The Spokane City Council voted 6-1 in favor of hiring a private attorney to appeal a judge’s ruling that dismissed one of the principal participants in the deal.

Laurel Siddoway, who worked for several years as the city’s private attorney on River Park Square, is being rehired under a contract not to exceed $100,000.

Councilman Brad Stark objected to spending more money on a case that has cost taxpayers millions of dollars in losses.

“It’s down the rabbit hole we go once more,” Stark said in an interview after the council’s vote.

He told council members the community needs to move on from the River Park Square case.

Last year, U.S. District Court Judge Edward Shea released Prudential Securities Inc. from any financial liability in a troubled $31.5 million bond sale that financed renovation and expansion of the garage under a public-private partnership with the city.

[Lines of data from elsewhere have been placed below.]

Definition pending (st : state n) (t : T) (p : nat * request n T) : bool :=
  (p.1 \notin sserved st) && (rarr p.2 <= t)%O.

Definition event (t : T) (st : state n) : state n :=
  let L := slist st in
  let cands := [seq p <- indexed | pending st t p && (rdl p.2 == t)] in
  match cands with
  | [::] => st
  | p0 :: _ =>
    let i := foldr maxn 0 [seq pos L (relem p.2) | p <- cands] in
    let x := nth (relem p0.2) L i.-1 in
    let kt := pick t L [seq p.1 | p <- cands & relem p.2 == x] in
    (* access up to position min(2i-1, n): serve pending requests there *)
    let newly := [seq p.1 | p <- indexed &
                   pending st t p && (pos L (relem p.2) <= minn (i.*2).-1 n)] in
    (* move x to the front (result of the i-1 adjacent swaps) *)
    State (x :: rem x L) (sserved st ++ newly) (strig st ++ [:: kt])
  end.

(* All events at time t (repeated while some pending request has deadline t;
   size sigma iterations always suffice since each event serves a request). *)
Definition step (t : T) (st : state n) : state n := iter (size sigma) (event t) st.

Definition event_times : seq T := sort <=%O (undup [seq rdl r | r <- sigma]).

Definition run (L0 : seq 'I_n) (P : pred T) : state n :=
  foldl (fun st u => step u st) (State L0 [::] [::]) [seq u <- event_times | P u].

Definition list_before (L0 : seq 'I_n) (t : T) : seq 'I_n :=
  slist (run L0 (fun u => (u < t)%O)).
Definition list_after (L0 : seq 'I_n) (t : T) : seq 'I_n :=
  slist (run L0 (fun u => (u <= t)%O)).

(* request number k (0-based index into sigma) is a triggering request *)
Definition triggering (L0 : seq 'I_n) (k : nat) : bool :=
  k \in strig (run L0 predT).
End ALG.
Lemma sylvester_mul_col (f : nat -> T) :
  sylvester P Q *m \col_j f j =
  \col_i (P * \poly_(j < m) f j + Q * \poly_(j < n) f (j + m)%N)`_i.
Proof.
apply/matrixP => i k; rewrite !mxE coefD !coefM_poly.
have -> : \sum_j sylvester P Q i j * (\col_j f j) j k =
    \sum_(0 <= j < n + m)
      (if (j < m)%N then (P * 'X^j)`_i else (Q * 'X^(j - m))`_i) * f j.
  by rewrite big_mkord; apply: eq_bigr => j _; rewrite sylvesterE !mxE.
rewrite (@big_cat_nat _ _ _ m) ?leq_addl //=; congr (_ + _).
  by rewrite big_mkord; apply: eq_bigr => j _; rewrite ltn_ord.
rewrite -{1}(add0n m) big_addn addnK big_mkord; apply: eq_bigr => j _.
by rewrite ltnNge leq_addl /= addnK.
Qed.

Lemma size_sylvester_combination (f : nat -> T) :
  (size (P * \poly_(j < m) f j + Q * \poly_(j < n) f (j + m)%N)%R <= n + m)%N.
Proof.
apply: leq_trans (size_polyD _ _) _; rewrite geq_max.
have := size_polyMleq P (\poly_(j < m) f j); have := size_poly m f.
have := size_polyMleq Q (\poly_(j < n) f (j + m)%N).
have := size_poly n (fun j => f (j + m)%N).
have := leqSpred (size P); have := leqSpred (size Q).
lia.
Qed.

Lemma sylvester_mulmx_eq0 (f : nat -> T) :
  (sylvester P Q *m \col_j f j == 0) =
  (P * \poly_(j < m) f j + Q * \poly_(j < n) f (j + m)%N == 0).
Proof. by rewrite sylvester_mul_col col_coef_eq0 // size_sylvester_combination. Qed.

End Sylvester.

Definition low_degree_syzygy (R : nzRingType) (deg : R -> nat) (P Q : R) :=
  exists H K : R, [/\ H != 0, K != 0, (deg H < deg Q)%N, (deg K < deg P)%N
                    & P * H + Q * K = 0].

Lemma low_degree_syzygy_involution (R : nzRingType) (f : {rmorphism R -> R})
    (deg : R -> nat) (P Q : R) :
  involutive f ->
  low_degree_syzygy (fun x => deg (f x)) P Q <-> low_degree_syzygy deg (f P) (f Q).
Proof.
move=> fK; have f_eq0 x : (f x == 0) = (x == 0) by rewrite (inv_eq fK) rmorph0.
split=> -[H [K [H0 K0 dH dK syz]]].
  exists (f H), (f K); rewrite !f_eq0; split=> //.
  by rewrite -!rmorphM -rmorphD syz rmorph0.
exists (f H), (f K); rewrite !f_eq0 !fK; split=> //.
by apply: (can_inj fK); rewrite rmorphD !rmorphM /= !fK syz rmorph0.
Qed.

Section SylvesterOverQuotientRing.
Variables (S : nzRingType) (L : unitRingType) (iota : {rmorphism {poly S} -> L}).
Hypothesis HL : skew_field_of_quotients iota.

Prudential served as bond underwriter, but was let out of the case when Shea said the city had collected as much in damages from other participants in the deal as the city was entitled to collect under federal law.

Mayor Dennis Hession announced in February that he wanted to appeal Shea’s ruling, which eliminated Prudential as a litigant in the city’s effort to recover some of what it lost in the bond sale.

As part of the settlement of the case, the city repurchased the bonds at face value and then sought damages from other participants in the deal. Eventually, the city settled its case against owners of the mall – real estate affiliates of Cowles Co., which publishes The Spokesman-Review.

Council President Joe Shogan defended the decision to appeal the judge’s ruling that favored Prudential.

“I think it’s worth the effort to recover from Prudential,” Shogan said.

In other business, the council voted 6-1 in favor of a contract GEAC Public Safety of Tampa, Fla., to provide maintenance and computer support for the Fire Department’s dispatch system.

Some council members urged the department to combine its dispatch system with the Police Department, but Fire Chief Bobby Williams said that would be too costly and time consuming.

Councilman Bob Apple voted no because, he said, he wants to seek savings by combining the systems.